__Exercise details__
In the listing beneath this line, copy exactly the lines starting with the one containing "Vertices of the" and going on through the one containing "Definition symdiff A".
'''
(* Let $q_{n,k}$ be the number of induced subgraphs of the matchable Lucas cube $\Omega_n$ isomorphic to the $k$-dimensional hypercube $Q_k$. Then: (1) for $n\ge2$, $q_{n,0}=L_n$ and $q_{n,1}=nF_{n-1}$; (2) for $n\ge4$, $q_{n,2}=\frac15 nF_{n-3}+\frac1{10}(n-3)nL_{n-2}$; (3) for $n\ge6$, $q_{n,3}=\frac{2}{25}nF_{n-5}+\frac1{25}(n-5)nL_{n-4}+\frac1{30}(n^2-9n+20)nF_{n-3}$.
   Context: For $n\ge1$ let $\Xi_n$ be the poset on $\{x_1,\dots,x_n\}$ whose cover relations are exactly: $x_2\prec x_1$, $x_3\prec x_2$, and for $3\le i\le n-1$, $x_i\prec x_{i+1}$ if $i$ is odd and $x_{i+1}\prec x_i$ if $i$ is even (so $x_1>x_2>x_3<x_4>x_5<\cdots$). A filter of a poset is an up-closed subset. The matchable Lucas cube $\Omega_n$ is the graph whose vertices are the filters of $\Xi_n$, two filters being adjacent iff one is obtained from the other by deleting a single element (the undirected Hasse diagram of the filter lattice); $\Omega_0$ is the one-vertex graph. $L_n$ are the Lucas numbers ($L_0=2$, $L_1=1$, $L_n=L_{n-1}+L_{n-2}$) and $F_n$ the Fibonacci numbers ($F_0=0$, $F_1=1$, $F_n=F_{n-1}+F_{n-2}$). *)

From mathcomp Require Import all_boot all_order all_algebra.
Set Implicit Arguments. Unset Strict Implicit. Unset Printing Implicit Defensive.

Fixpoint fib (n : nat) : nat :=
  match n with 0 => 0 | 1 => 1 | (m.+1 as p).+1 => fib p + fib m end.

Fixpoint lucas (n : nat) : nat :=
  match n with 0 => 2 | 1 => 1 | (m.+1 as p).+1 => lucas p + lucas m end.

(* The element i : 'I_n represents x_{i+1}.
   xi_cov n i j  <=>  x_{i+1} ≺ x_{j+1} is a cover relation of Xi_n
   (written with 1-based indices a = i+1, b = j+1). *)
Definition xi_cov (n : nat) (i j : 'I_n) : bool :=
  let a := i.+1 in let b := j.+1 in
  [|| (a == 2) && (b == 1),
      (a == 3) && (b == 2),
      [&& 3 <= a, a <= n - 1, odd a & b == a.+1]
    | [&& 3 <= b, b <= n - 1, ~~ odd b & a == b.+1] ].

Definition xi_le (n : nat) (i j : 'I_n) : bool := connect (@xi_cov n) i j.

Definition is_filter (n : nat) (F : {set 'I_n}) : bool :=
  [forall i, forall j, (i \in F) && xi_le i j ==> (j \in F)].

Definition filters (n : nat) : {set {set 'I_n}} := [set F | is_filter F].

Definition del1 (T : finType) (A B : {set T}) : bool :=
  [exists x, (x \in A) && (B == A :\ x)].
Definition adj (T : finType) (A B : {set T}) : bool := del1 A B || del1 B A.

(* Vertices of Omega_n are filters of Xi_n, edges given by adj.
   Vertices of the hypercube Q_k are subsets of 'I_k, edges given by adj
   (symmetric difference a singleton). *)

Definition induced_Qk (n k : nat) (S : {set {set 'I_n}}) : bool :=
  (S \subset filters n) &&
  [exists f : {ffun {set 'I_k} -> {set 'I_n}},
     [&& injectiveb f, [set f u | u : {set 'I_k}] == S &
         [forall u, forall v, adj (f u) (f v) == adj u v]]].

Arguments induced_Qk : clear implicits.

Definition q (n k : nat) : nat := #|[set S | induced_Qk n k S]|.

(* An injective map from the k-cube into a Hasse diagram of sets that preserves
   adjacency has the form u |-> A (+) c(u) with c injective ((+) the symmetric
   difference).  Hence an induced Q_k in a family of sets is an interval
   [B, B u C] with B, C disjoint and |C| = k lying in the family, and the
   interval determines (B, C).  For filters of the fence Xi_n such an interval
   consists of filters iff every cover x < y with x in B u C has y in B.
   Labelling each x_i with 2, 1 or 0 according as it lies in B, in C or in
   neither turns this into a condition on consecutive letters of a word over
   {0, 1, 2}; since descents and ascents of the fence alternate from x_2 on,
   splitting valid words by their last two letters gives
   q_{n+2,k} = q_{n+1,k} + q_{n,k} + q_{n,k-1} for n >= 2, and the closed
   forms follow by induction. *)

From mathcomp Require Import all_boot all_order all_algebra zify ring.
Set Implicit Arguments. Unset Strict Implicit. Unset Printing Implicit Defensive.
Import GRing.Theory.

Section SymmetricDifference.
Variable T : finType.
Implicit Types (A B X Y : {set T}) (x : T).

Definition symdiff A B := (A :\: B) :|: (B :\: A).

Lemma in_symdiff x A B : (x \in symdiff A B) = (x \in A) (+) (x \in B).
Proof. by rewrite !inE; case: (x \in A); case: (x \in B). Qed.

Lemma symdiffC A B : symdiff A B = symdiff B A.
Proof. by apply/setP=> x; rewrite !in_symdiff addbC. Qed.

Lemma symdiffKl A B : symdiff A (symdiff A B) = B.
Proof. by apply/setP=> x; rewrite !in_symdiff addKb. Qed.

Lemma symdiffss A : symdiff A A = set0.
Proof. by apply/setP=> x; rewrite in_symdiff addbb inE. Qed.

Lemma symdiff0s A : symdiff set0 A = A.
Proof. by apply/setP=> x; rewrite in_symdiff inE. Qed.

Lemma symdiff_inj A : injective (symdiff A).
Proof. by move=> X Y E; rewrite -(symdiffKl A X) E symdiffKl. Qed.

Lemma symdiff_set1_in x A : x \in A -> symdiff A [set x] = A :\ x.
Proof.
move=> xA; apply/setP=> y; rewrite in_symdiff !inE.
by case: eqVneq => [->|]; rewrite ?xA ?addbF.
Qed.

Lemma symdiff_set1_notin x A : x \notin A -> symdiff A [set x] = x |: A.
Proof.
move=> xA; apply/setP=> y; rewrite in_symdiff !inE.
by case: eqVneq => [->|]; rewrite ?(negbTE xA) ?addbF.
Qed.

Lemma symdiffUl B X Y : [disjoint B & X] -> [disjoint B & Y] ->
  symdiff (B :|: X) (B :|: Y) = symdiff X Y.
Proof.
move=> dX dY; apply/setP=> x; rewrite !in_symdiff !inE.
by case xB: (x \in B) => //=; rewrite (disjointFr dX xB) (disjointFr dY xB).
Qed.

Lemma adjE A B : adj A B = (#|symdiff A B| == 1).
Proof.
apply/idP/cards1P => [|[x sAB]].
  case/orP=> /existsP[x /andP[xA /eqP->]]; exists x;
  by rewrite -symdiff_set1_in // ?symdiffKl // symdiffC symdiffKl.
have: x \in symdiff A B by rewrite sAB set11.
rewrite /adj /del1 in_symdiff; case xA: (x \in A) => /= xB.
  apply/orP; left; apply/existsP; exists x.
  by rewrite xA -symdiff_set1_in // -sAB symdiffKl eqxx.
apply/orP; right; apply/existsP; exists x.
by rewrite xB -symdiff_set1_in // -sAB (symdiffC A) symdiffKl eqxx.
Qed.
'''
__Output below__
   Vertices of the hypercube Q_k are subsets of 'I_k, edges given by adj
   (symmetric difference a singleton). *)

Definition induced_Qk (n k : nat) (S : {set {set 'I_n}}) : bool :=
  (S \subset filters n) &&
  [exists f : {ffun {set 'I_k} -> {set 'I_n}},
     [&& injectiveb f, [set f u | u : {set 'I_k}] == S &
         [forall u, forall v, adj (f u) (f v) == adj u v]]].

Arguments induced_Qk : clear implicits.

Definition q (n k : nat) : nat := #|[set S | induced_Qk n k S]|.

(* An injective map from the k-cube into a Hasse diagram of sets that preserves
   adjacency has the form u |-> A (+) c(u) with c injective ((+) the symmetric
   difference).  Hence an induced Q_k in a family of sets is an interval
   [B, B u C] with B, C disjoint and |C| = k lying in the family, and the
   interval determines (B, C).  For filters of the fence Xi_n such an interval
   consists of filters iff every cover x < y with x in B u C has y in B.
   Labelling each x_i with 2, 1 or 0 according as it lies in B, in C or in
   neither turns this into a condition on consecutive letters of a word over
   {0, 1, 2}; since descents and ascents of the fence alternate from x_2 on,
   splitting valid words by their last two letters gives
   q_{n+2,k} = q_{n+1,k} + q_{n,k} + q_{n,k-1} for n >= 2, and the closed
   forms follow by induction. *)

From mathcomp Require Import all_boot all_order all_algebra zify ring.
Set Implicit Arguments. Unset Strict Implicit. Unset Printing Implicit Defensive.
Import GRing.Theory.

Section SymmetricDifference.
Variable T : finType.
Implicit Types (A B X Y : {set T}) (x : T).

Definition symdiff A B := (A :\: B) :|: (B :\: A).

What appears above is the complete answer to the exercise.